▶ _Your instructions_
From the first line through the line containing "first [ rewrite (_ : (a <= b)%N", transcribe the records exactly and include no other lines.

Recorded data Block Start

(* Plain [lia] blows up on these boolean combinations: split on the atoms first. *)
Ltac decide_bits :=
  repeat match goal with
  | |- context [if _ then _ else _] => case: ifP => ?
  | |- context [leq ?a ?b] =>
      first [ rewrite (_ : (a <= b)%N = true); last by lia
            | rewrite (_ : (a <= b)%N = false); last by lia
            | case: (leqP a b) => ? ]
  | |- context [@eq_op nat ?a ?b] =>
      first [ rewrite (_ : (a == b :> nat) = true); last by lia
            | rewrite (_ : (a == b :> nat) = false); last by lia
            | case: (a =P b) => ? ]
  end; solve [done | lia].

Lemma bit1_flip (x : 'Z_m) : bit1 false (x + (3 * t + 3)%:R) != bit1 true x.
Proof.
have := ltn_Zp m_gt1 x; rewrite /bit1 Zp_val_addn ?m_gt1 //; last lia.
by move=> x_lt_m; decide_bits.
Qed.

Lemma bit2_flip (x : 'Z_m) : bit2 false (x + 1) != bit2 true x.
Proof.
have := ltn_Zp m_gt1 x; rewrite /bit2 -[1]mulr1n Zp_val_addn ?m_gt1 //.
by move=> x_lt_m; decide_bits.
Qed.

Lemma pair01_flip (x : 'Z_m) : x != (6 * t + 4)%:R ->
  bit0 false (x + 1) (+) bit1 false (x + 1) != bit0 true x (+) bit1 true x.
Proof.
have := ltn_Zp m_gt1 x; rewrite /bit0 /block0 /bit1 Zp_eq_natr ?m_gt1 //; last lia.
rewrite -[1]mulr1n Zp_val_addn ?m_gt1 //.
by move=> x_lt_m x_neq; decide_bits.
Qed.

Lemma pair01_zero (z := (6 * t + 4)%:R : 'Z_m) :
  (bit0 false (z + 1) (+) bit1 false (z + 1)) && (bit0 true z (+) bit1 true z).
Proof. by rewrite /z Zm_zero01 /bit0 /block0 /bit1 Zp_natr_small ?m_gt1 //=; decide_bits. Qed.

Lemma pair02_flip (x : 'Z_m) : x != 0 ->
  bit0 false (x + (3 * t + 3)%:R) (+) bit2 false (x + (3 * t + 3)%:R)
  != bit0 true x (+) bit2 true x.
Proof.
have := ltn_Zp m_gt1 x; rewrite /bit0 /block0 /bit2 Zp_val_addn ?m_gt1 //; last lia.
by rewrite -(inj_eq val_inj) /= => x_lt_m x_neq; decide_bits.
Qed.

Lemma pair02_zero (h := (3 * t + 3)%:R : 'Z_m) :
  (bit0 false (0 + h) (+) bit2 false (0 + h)) && (bit0 true 0 (+) bit2 true 0).
Proof. by rewrite /h add0r /bit0 /block0 /bit2 Zp_natr_small ?m_gt1 //=; decide_bits. Qed.

Lemma pair12_flip (x : 'Z_m) : x != (4 * t + 3)%:R ->
  bit1 false (x + (4 * t + 4)%:R) (+) bit2 false (x + (4 * t + 4)%:R)
  != bit1 true x (+) bit2 true x.
Proof.
have := ltn_Zp m_gt1 x; rewrite /bit1 /bit2 Zp_eq_natr ?m_gt1 //; last lia.
rewrite Zp_val_addn ?m_gt1 //; last lia.
by move=> x_lt_m x_neq; decide_bits.
Qed.

Lemma pair12_zero (z := (4 * t + 3)%:R : 'Z_m) (h := (4 * t + 4)%:R : 'Z_m) :
  (bit1 false (z + h) (+) bit2 false (z + h)) && (bit1 true z (+) bit2 true z).
Proof.
have z_lt_m : (4 * t + 3 < m)%N by lia.
have h_lt_m : (4 * t + 4 < m)%N by lia.
by rewrite /z /h /bit1 /bit2 Zp_val_addn ?Zp_natr_small ?m_gt1 //; decide_bits.
Qed.

Lemma col_covers (c : nat) : (c < 3)%N -> covers (col_bit c) (col_res c).
Proof.
case: c => [|[|[|//]]] _.
- apply: (@pairing_covers _ _ _ 0) => [x y //|x|x]; first by rewrite addr0.
  by rewrite addr0 /= /bit0; case: block0.
- apply: (@pairing_covers _ _ _ (3 * t + 3)%:R) => [x y /addIr|x|x].
  + by apply: mulrn_inj; apply: Zm_half.
  + exact: col_res1_shift Zm_half.
  + exact: bit1_flip.
- apply: (@pairing_covers _ _ _ 1) => [x y /addrI/oppr_inj //|x|x].
  + exact: col_res2_shift.
  + exact: bit2_flip.
Qed.

Lemma pair_covers (c c' : nat) : (c < c' < 3)%N ->
  covers_nonzero (pair_bit c c') (pair_res c c').
Proof.
case: c => [|[|[|c]]]; case: c' => [|[|[|c']]]; rewrite /= ?andbF // => _.
- apply: (@pairing_covers_nonzero _ _ _ 1 _ _ (6 * t + 4)%:R).
  + by move=> x y; rewrite !pair_res01E => /oppr_inj/addIr.
  + exact: pair_res01_shift.
  + by rewrite pair_res01E Zm_zero01 oppr0.
  + exact: pair01_zero.
  + exact: pair01_flip.
- apply: (@pairing_covers_nonzero _ _ _ (3 * t + 3)%:R _ _ 0).
  + by move=> x y; rewrite !pair_res02E; apply: mulrn_inj; apply: Zm_half.
  + by move=> x; apply: pair_res02_shift Zm_half.
  + by rewrite pair_res02E mul0rn.
  + exact: pair02_zero.
  + exact: pair02_flip.
- apply: (@pairing_covers_nonzero _ _ _ (4 * t + 4)%:R _ _ (4 * t + 3)%:R).
  + by move=> x y; rewrite !pair_res12E => /addIr; apply: mulrn_inj; apply: Zm_third.
  + by move=> x; apply: pair_res12_shift Zm_shift12.
  + by rewrite pair_res12E Zm_zero12.
  + exact: pair12_zero.
  + exact: pair12_flip.
Qed.

End Construction.

Section Entries.
Local Open Scope ring_scope.
Variables (t N : nat).
Local Notation m := (6 * t + 5).
Hypothesis N_2m : N = (2 * m)%N.

Let m_odd : odd m. Proof. by rewrite oddD oddM. Qed.

Definition entry (c : 'I_3) (r : 'I_N) : 'Z_N :=
  crt N (col_bit c (row_bit m r) (row_res m r)) (col_res c (row_bit m r) (row_res m r)).

Lemma entry_onto c g : exists r, entry c r = g.
Proof. by have := crt_rows_onto (m_gt1 t) m_odd N_2m (col_covers (ltn_ord c)) g. Qed.

Lemma entry_diff (c c' : 'I_3) : (c < c')%N ->
  [set entry c r - entry c' r | r in 'I_N] = [set: 'Z_N] :\ 0.
Proof.
move=> lt_cc'; rewrite (eq_imset _ (fun r => crtB (m_gt1 t) m_odd N_2m _ _ _ _)).
have cc'3 : (c < c' < 3)%N by rewrite lt_cc' ltn_ord.
by have := crt_rows_nonzero (m_gt1 t) m_odd N_2m (pair_covers t cc'3).
Qed.

End Entries.

Local Open Scope ring_scope.

Theorem mainTheorem4 (mu : nat) (Hmu : odd mu) :
  exists Q : 'M['Z_(6 * mu + 4)]_((6 * mu + 4).+1, 3.+1),
    [/\ is_DCA Q, DCA_normalized Q, DCA_P1 Q & DCA_P2 Q].
Proof.
have N_2m : (6 * mu + 4 = 2 * (6 * mu./2 + 5))%N.
  by have := odd_double_half mu; rewrite Hmu; lia.
exists (bordered (@entry mu./2 (6 * mu + 4)%N)); apply: bordered_DCA => [|c g|c c' lt_cc'].
- lia.
- exact: entry_onto.
- exact: entry_diff.
Qed.
(* Let $p(x,y)\in\mathbb{C}[x,y]$ be a nonzero homogeneous polynomial with $p(1,0)\neq0$, and let $\mathcal{Z}$ be the set of distinct complex roots of $p(x,1)$. Suppose there are five distinct $z_1,z_2,z_3,z_4,z_5\in\mathcal{Z}$ such that both $(z_1,z_2,z_3,z_4)$ and $(z_1,z_2,z_3,z_5)$ are critical with respect to $\mathcal{Z}$. Then every element of $\mathrm{Stab}_{\mathrm{GL}_2(\mathbb{C})}(p(x,y))$ is a scalar matrix (i.e. the image of the stabilizer in $\mathrm{PGL}_2(\mathbb{C})$ is trivial).
   Context: $\mathrm{GL}_2(\mathbb{C})$ acts on $\mathbb{C}[x,y]$ by $A\cdot p(x,y)=p(ax+by,cx+dy)$ for $A=\begin{pmatrix}a&b\\c&d\end{pmatrix}$. The cross ratio of distinct $z_1,z_2,z_3,z_4\in\mathbb{C}$ is $[z_1,z_2,z_3,z_4]=\frac{(z_1-z_3)(z_2-z_4)}{(z_1-z_4)(z_2-z_3)}$. Let $V_4=\{\mathrm{id},(12)(34),(13)(24),(14)(23)\}\subset S_4$. For a set $\mathcal{Z}\subset\mathbb{C}$ with at least four elements, a 4-tuple $\zeta=(z_1,z_2,z_3,z_4)$ of distinct elements of $\mathcal{Z}$ is critical (with respect to $\mathcal{Z}$) if for every 4-tuple $(y_1,y_2,y_3,y_4)$ of distinct elements of $\mathcal{Z}$, $[z_1,z_2,z_3,z_4]=[y_1,y_2,y_3,y_4]$ holds if and only if $(y_1,y_2,y_3,y_4)=(z_{\sigma(1)},z_{\sigma(2)},z_{\sigma(3)},z_{\sigma(4)})$ for some $\sigma\in V_4$. *)

(* complex numbers as (Stdlib reals)[i] from mathcomp-real-closed,
   bivariate polynomials as multinomials' {mpoly C[2]} ('X_0 = x, 'X_1 = y). *)
From HB Require Import structures.
From mathcomp Require Import all_boot all_order all_algebra.
From mathcomp Require Import Rstruct complex.
From mathcomp Require Export mpoly.
From Stdlib Require Rdefinitions.

Set Implicit Arguments.
Unset Strict Implicit.
Unset Printing Implicit Defensive.

Import Order.TTheory GRing.Theory Num.Theory.
Local Open Scope ring_scope.

Definition C : numClosedFieldType := complex Rdefinitions.R.

Definition pt2 (a b : C) : 'I_2 -> C := fun i => if i == ord0 then a else b.

(* GL_2(C)-action: (A . p)(x, y) = p(a x + b y, c x + d y) for A = [[a, b], [c, d]]. *)
Definition glact (A : 'M[C]_2) (p : {mpoly C[2]}) : {mpoly C[2]} :=
  comp_mpoly
    [tuple A 0 0 *: 'X_ord0 + A 0 1 *: 'X_ord_max ;
           A 1 0 *: 'X_ord0 + A 1 1 *: 'X_ord_max] p.

Definition rootsZ (p : {mpoly C[2]}) : C -> Prop := fun z => p.@[pt2 z 1] = 0.

Definition cross_ratio (z1 z2 z3 z4 : C) : C :=
  ((z1 - z3) * (z2 - z4)) / ((z1 - z4) * (z2 - z3)).

Definition distinct4 (z1 z2 z3 z4 : C) : Prop :=
  [/\ z1 <> z2, z1 <> z3, z1 <> z4 & [/\ z2 <> z3, z2 <> z4 & z3 <> z4]].

Definition critical (Z : C -> Prop) (z1 z2 z3 z4 : C) : Prop :=
  [/\ Z z1, Z z2, Z z3, Z z4 & distinct4 z1 z2 z3 z4] /\
  forall y1 y2 y3 y4 : C,
    Z y1 -> Z y2 -> Z y3 -> Z y4 -> distinct4 y1 y2 y3 y4 ->
    (cross_ratio z1 z2 z3 z4 = cross_ratio y1 y2 y3 y4 <->
       [\/ (y1, y2, y3, y4) = (z1, z2, z3, z4),
           (y1, y2, y3, y4) = (z2, z1, z4, z3),
           (y1, y2, y3, y4) = (z3, z4, z1, z2) |
           (y1, y2, y3, y4) = (z4, z3, z2, z1)]).

(* A matrix A = [[a, b], [c, e]] fixing p acts on the roots of p(x, 1) by the
   Möbius map z |-> (a z + b) / (c z + e): homogeneity and p(1, 0) != 0 keep the
   denominators nonzero.  The map is injective and preserves cross ratios, so by
   criticality it sends (z1, z2, z3, z4) and (z1, z2, z3, z5) to V_4-permutations
   of themselves.  Only the identity of V_4 is compatible with both, since a
   nontrivial one would identify the images of z4 and z5.  Hence the Möbius map
   fixes z1, z2, z3, and a Möbius map with three fixed points is the identity,
   i.e. A is scalar. *)
From mathcomp Require Import all_boot all_algebra.
From mathcomp Require Import mpoly ring.

Set Implicit Arguments.
Unset Strict Implicit.
Unset Printing Implicit Defensive.

Import GRing.Theory.
Local Open Scope ring_scope.

Lemma meval_homog_scale (R : comNzRingType) (n d : nat) (p : {mpoly R[n]}) (t : R)
    (v : 'I_n -> R) :
  p \is d.-homog -> p.@[fun i => t * v i] = t ^+ d * p.@[v].
Proof.
move=> /dhomogP p_homog; rewrite !mevalE mulr_sumr !big_seq.
apply: eq_bigr => m /p_homog m_deg; rewrite mulrCA; congr (_ * _).
under eq_bigr do rewrite exprMn.
by rewrite big_split /= prodrXr -m_deg; congr (t ^+ _ * _); apply/esym/mdegE.
Qed.

Lemma det_mx22 (R : comNzRingType) (A : 'M[R]_2) :
  \det A = A 0 0 * A 1 1 - A 0 1 * A 1 0.
Proof.
rewrite (expand_det_row _ 0) !big_ord_recl big_ord0 /cofactor !det_mx11 !mxE /=.
rewrite addr0 expr0 expr1 mul1r mulN1r mulrN.
by congr (A _ _ * A _ _ - A _ _ * A _ _); apply: val_inj.
Qed.

Lemma meval_pt2_scale (p : {mpoly C[2]}) (d : nat) (t a b : C) :
  p \is d.-homog -> p.@[pt2 (t * a) (t * b)] = t ^+ d * p.@[pt2 a b].
Proof.
move=> p_homog; rewrite -(meval_homog_scale t (pt2 a b) p_homog).
by apply: meval_eq => i; rewrite /pt2; case: (i == ord0).
Qed.

Lemma glact_meval (A : 'M[C]_2) (p : {mpoly C[2]}) (x y : C) :
  (glact A p).@[pt2 x y] =
  p.@[pt2 (A 0 0 * x + A 0 1 * y) (A 1 0 * x + A 1 1 * y)].
Proof.
rewrite comp_mpoly_meval; apply: meval_eq => -[[|[|//]] i_lt2];
  by rewrite (tnth_nth 0) /= mevalD !mevalZ !mevalXU.
Qed.

Section Mobius.
Variable F : fieldType.
Implicit Types a b c e x y z : F.

Definition mobius a b c e z : F := (a * z + b) / (c * z + e).

Lemma mobiusB a b c e x y : c * x + e != 0 -> c * y + e != 0 ->
  mobius a b c e x - mobius a b c e y =
  (a * e - b * c) * (x - y) / ((c * x + e) * (c * y + e)).
Proof. by move=> x_den y_den; rewrite /mobius; field; rewrite x_den y_den. Qed.

Lemma mobius_inj a b c e x y : a * e - b * c != 0 ->
  c * x + e != 0 -> c * y + e != 0 -> mobius a b c e x = mobius a b c e y -> x = y.
Proof.
move=> det_neq0 x_den y_den /eqP; rewrite -subr_eq0 mobiusB // !mulf_eq0 invr_eq0.
by rewrite !mulf_eq0 (negPf det_neq0) (negPf x_den) (negPf y_den) !orbF subr_eq0 => /eqP.
Qed.

Lemma quadratic_eq0_of_roots3 (u v w z1 z2 z3 : F) :
  z1 != z2 -> z1 != z3 -> z2 != z3 ->
  u * z1 ^+ 2 + v * z1 + w = 0 -> u * z2 ^+ 2 + v * z2 + w = 0 ->
  u * z3 ^+ 2 + v * z3 + w = 0 -> [/\ u = 0, v = 0 & w = 0].
Proof.
move=> n12 n13 n23 q1 q2 q3.
rewrite -subr_eq0 in n12; rewrite -subr_eq0 in n13; rewrite -subr_eq0 in n23.
have u0 : u = 0.
  have : u * ((z1 - z2) * (z1 - z3) * (z2 - z3)) =
    (u * z1 ^+ 2 + v * z1 + w) * (z2 - z3) - (u * z2 ^+ 2 + v * z2 + w) * (z1 - z3)
    + (u * z3 ^+ 2 + v * z3 + w) * (z1 - z2) by ring.
  rewrite q1 q2 q3 !mul0r subrr addr0 => /eqP.
  by rewrite !mulf_eq0 (negPf n12) (negPf n13) (negPf n23) !orbF => /eqP.
have v0 : v = 0.
  have : v * (z1 - z2) = (u * z1 ^+ 2 + v * z1 + w) - (u * z2 ^+ 2 + v * z2 + w)
    - u * (z1 ^+ 2 - z2 ^+ 2) by ring.
  by rewrite q1 q2 u0 mul0r !subrr => /eqP; rewrite mulf_eq0 (negPf n12) orbF => /eqP.
by split=> //; move: q1; rewrite u0 v0 !mul0r !add0r.
Qed.

(* Clearing denominators, a fixed point of the Möbius map is a root of
   [c z^2 + (e - a) z - b]. *)
Lemma mobius_fix3 a b c e z1 z2 z3 : z1 != z2 -> z1 != z3 -> z2 != z3 ->
  c * z1 + e != 0 -> c * z2 + e != 0 -> c * z3 + e != 0 ->
  mobius a b c e z1 = z1 -> mobius a b c e z2 = z2 -> mobius a b c e z3 = z3 ->
  [/\ c = 0, b = 0 & e = a].
Proof.
move=> n12 n13 n23 den1 den2 den3 fix1 fix2 fix3.
have fixed_root z : c * z + e != 0 -> mobius a b c e z = z ->
    c * z ^+ 2 + (e - a) * z + - b = 0.
  move=> den_z /(canRL (divfK den_z)) fix_z.
  by rewrite -[LHS]subr0 -(subrr (a * z + b)) {1}fix_z; ring.
have [-> ea /eqP] := quadratic_eq0_of_roots3 n12 n13 n23
  (fixed_root _ den1 fix1) (fixed_root _ den2 fix2) (fixed_root _ den3 fix3).
by rewrite oppr_eq0 => /eqP ->; split=> //; apply/eqP; rewrite -subr_eq0 ea.
Qed.

End Mobius.

Lemma cross_ratio_mobius (a b c e z1 z2 z3 z4 : C) : a * e - b * c != 0 ->
  c * z1 + e != 0 -> c * z2 + e != 0 -> c * z3 + e != 0 -> c * z4 + e != 0 ->
  z1 != z4 -> z2 != z3 ->
  cross_ratio (mobius a b c e z1) (mobius a b c e z2) (mobius a b c e z3)
    (mobius a b c e z4) = cross_ratio z1 z2 z3 z4.
Proof.
move=> det_neq0 den1 den2 den3 den4 n14 n23.
rewrite -subr_eq0 in n14; rewrite -subr_eq0 in n23.
rewrite /cross_ratio !mobiusB //; field.
by rewrite det_neq0 den1 den2 den3 den4 n14 n23.
Qed.

Lemma is_scalar_mx2 (V : nmodType) (A : 'M[V]_2) :
  A 0 1 = 0 -> A 1 0 = 0 -> A 1 1 = A 0 0 -> is_scalar_mx A.
Proof.
move=> A01 A10 A11; apply/is_scalar_mxP; exists (A 0 0); apply/matrixP.
have ord2 (k : 'I_2) : k = 0 \/ k = 1 by case: k => -[|[|//]] ?; [left|right]; apply: val_inj.
by move=> i j; rewrite mxE; case: (ord2 i) => ->; case: (ord2 j) => ->.
Qed.

Definition V4_image (T : Type) (y1 y2 y3 y4 z1 z2 z3 z4 : T) : Prop :=
  [\/ (y1, y2, y3, y4) = (z1, z2, z3, z4),
      (y1, y2, y3, y4) = (z2, z1, z4, z3),
      (y1, y2, y3, y4) = (z3, z4, z1, z2) |
      (y1, y2, y3, y4) = (z4, z3, z2, z1)].

(* A nontrivial element of V_4 moves 4 to one of 1, 2, 3, so it would send
   both z4 and z5 to the same point. *)
Lemma V4_images_fix3 (f : C -> C) (z1 z2 z3 z4 z5 : C) :
  distinct4 z1 z2 z3 z4 -> [/\ z5 <> z1, z5 <> z2, z5 <> z3 & z5 <> z4] ->
  f z4 <> f z5 ->
  V4_image (f z1) (f z2) (f z3) (f z4) z1 z2 z3 z4 ->
  V4_image (f z1) (f z2) (f z3) (f z5) z1 z2 z3 z5 ->
  [/\ f z1 = z1, f z2 = z2 & f z3 = z3].
Proof.
move=> [n12 n13 n14 [n23 n24 n34]] [n51 n52 n53 n54] f45.
case=> -[? ? ? ?]; case=> -[? ? ? ?];
  solve [split; assumption | exfalso; congruence].
Qed.

Section Stabilizer.

Variables (p : {mpoly C[2]}) (d : nat) (A : 'M[C]_2).
Hypotheses (p_homog : p \is d.-homog) (p_10 : p.@[pt2 1 0] != 0).
Hypotheses (A_unit : A \in unitmx) (A_fix_p : glact A p = p).

Local Notation psi := (mobius (A 0 0) (A 0 1) (A 1 0) (A 1 1)).

Lemma stab_det_neq0 : A 0 0 * A 1 1 - A 0 1 * A 1 0 != 0.
Proof. by rewrite -det_mx22 -unitfE -unitmxE. Qed.

Lemma stab_root_meval z :
  rootsZ p z -> p.@[pt2 (A 0 0 * z + A 0 1) (A 1 0 * z + A 1 1)] = 0.
Proof. by rewrite /rootsZ -{1}A_fix_p glact_meval !mulr1. Qed.

(* Otherwise [(A 0 0 * z + A 0 1, 0)] would be a zero of [p], which is ruled
   out by homogeneity and [p(1, 0) != 0]. *)
Lemma stab_root_den_neq0 z : rootsZ p z -> A 1 0 * z + A 1 1 != 0.
Proof.
move=> root_z; apply/eqP => den0.
have num_neq0 : A 0 0 * z + A 0 1 != 0.
  apply: contra stab_det_neq0 => /eqP num0.
  have -> : A 0 0 * A 1 1 - A 0 1 * A 1 0 =
    A 0 0 * (A 1 0 * z + A 1 1) - A 1 0 * (A 0 0 * z + A 0 1) by ring.
  by rewrite num0 den0 !mulr0 subrr.
have root_num : p.@[pt2 (A 0 0 * z + A 0 1) 0] = 0 by rewrite -den0 stab_root_meval.
have := meval_pt2_scale (A 0 0 * z + A 0 1) 1 0 p_homog.
rewrite mulr1 mulr0 root_num => /esym/eqP.
by rewrite mulf_eq0 expf_eq0 (negPf num_neq0) (negPf p_10) andbF.
Qed.

Lemma stab_mobius_root z : rootsZ p z -> rootsZ p (psi z).
Proof.
move=> root_z; have den_neq0 := stab_root_den_neq0 root_z.
have := meval_pt2_scale (A 1 0 * z + A 1 1) (psi z) 1 p_homog.
rewrite mulr1 /mobius mulrC divfK // stab_root_meval // => /esym/eqP.
by rewrite mulf_eq0 expf_eq0 (negPf den_neq0) andbF => /eqP.
Qed.

Lemma stab_mobius_inj x y : rootsZ p x -> rootsZ p y -> psi x = psi y -> x = y.
Proof.
by move=> root_x root_y; apply: mobius_inj;
  rewrite ?stab_det_neq0 ?stab_root_den_neq0.
Qed.

Lemma stab_critical z1 z2 z3 z4 : critical (rootsZ p) z1 z2 z3 z4 ->
  V4_image (psi z1) (psi z2) (psi z3) (psi z4) z1 z2 z3 z4.
Proof.
move=> [[r1 r2 r3 r4 [n12 n13 n14 [n23 n24 n34]]] crit].
have psi_neq x y : rootsZ p x -> rootsZ p y -> x <> y -> psi x <> psi y.
  by move=> rx ry nxy /(stab_mobius_inj rx ry).
have dis_psi : distinct4 (psi z1) (psi z2) (psi z3) (psi z4).
  by do !split; apply: psi_neq.
apply/(crit _ _ _ _ (stab_mobius_root r1) (stab_mobius_root r2)
  (stab_mobius_root r3) (stab_mobius_root r4) dis_psi).
by rewrite cross_ratio_mobius ?stab_det_neq0 ?stab_root_den_neq0 //; apply/eqP.
Qed.

End Stabilizer.

Theorem lemma5p1 (p : {mpoly C[2]}) (d : nat) :
  p != 0 -> p \is d.-homog -> p.@[pt2 1 0] != 0 ->
  forall z1 z2 z3 z4 z5 : C,
    rootsZ p z1 -> rootsZ p z2 -> rootsZ p z3 -> rootsZ p z4 -> rootsZ p z5 ->
    distinct4 z1 z2 z3 z4 ->
    [/\ z5 <> z1, z5 <> z2, z5 <> z3 & z5 <> z4] ->
    critical (rootsZ p) z1 z2 z3 z4 ->
    critical (rootsZ p) z1 z2 z3 z5 ->
    forall A : 'M[C]_2, A \in unitmx -> glact A p = p -> is_scalar_mx A.
Proof.
move=> _ p_homog p_10 z1 z2 z3 z4 z5 r1 r2 r3 r4 r5 dis n5 crit4 crit5 A A_unit A_fix_p.
have [n12 n13 _ [n23 _ _]] := dis.
have [_ _ _ n54] := n5.
have den := stab_root_den_neq0 p_homog p_10 A_unit A_fix_p.
have psi_inj := stab_mobius_inj p_homog p_10 A_unit A_fix_p.
have crit_img := stab_critical p_homog p_10 A_unit A_fix_p.
have [fix1 fix2 fix3] := V4_images_fix3 dis n5
  (fun psi45 => n54 (esym (psi_inj _ _ r4 r5 psi45))) (crit_img _ _ _ _ crit4)
  (crit_img _ _ _ _ crit5).
have [c0 b0 ea] := mobius_fix3 (introN eqP n12) (introN eqP n13) (introN eqP n23)
  (den _ r1) (den _ r2) (den _ r3) fix1 fix2 fix3.
exact: is_scalar_mx2.
Qed.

Recorded data Block End

▶ _Exercise result_
(* Plain [lia] blows up on these boolean combinations: split on the atoms first. *)
Ltac decide_bits :=
  repeat match goal with
  | |- context [if _ then _ else _] => case: ifP => ?
  | |- context [leq ?a ?b] =>
      first [ rewrite (_ : (a <= b)%N = true); last by lia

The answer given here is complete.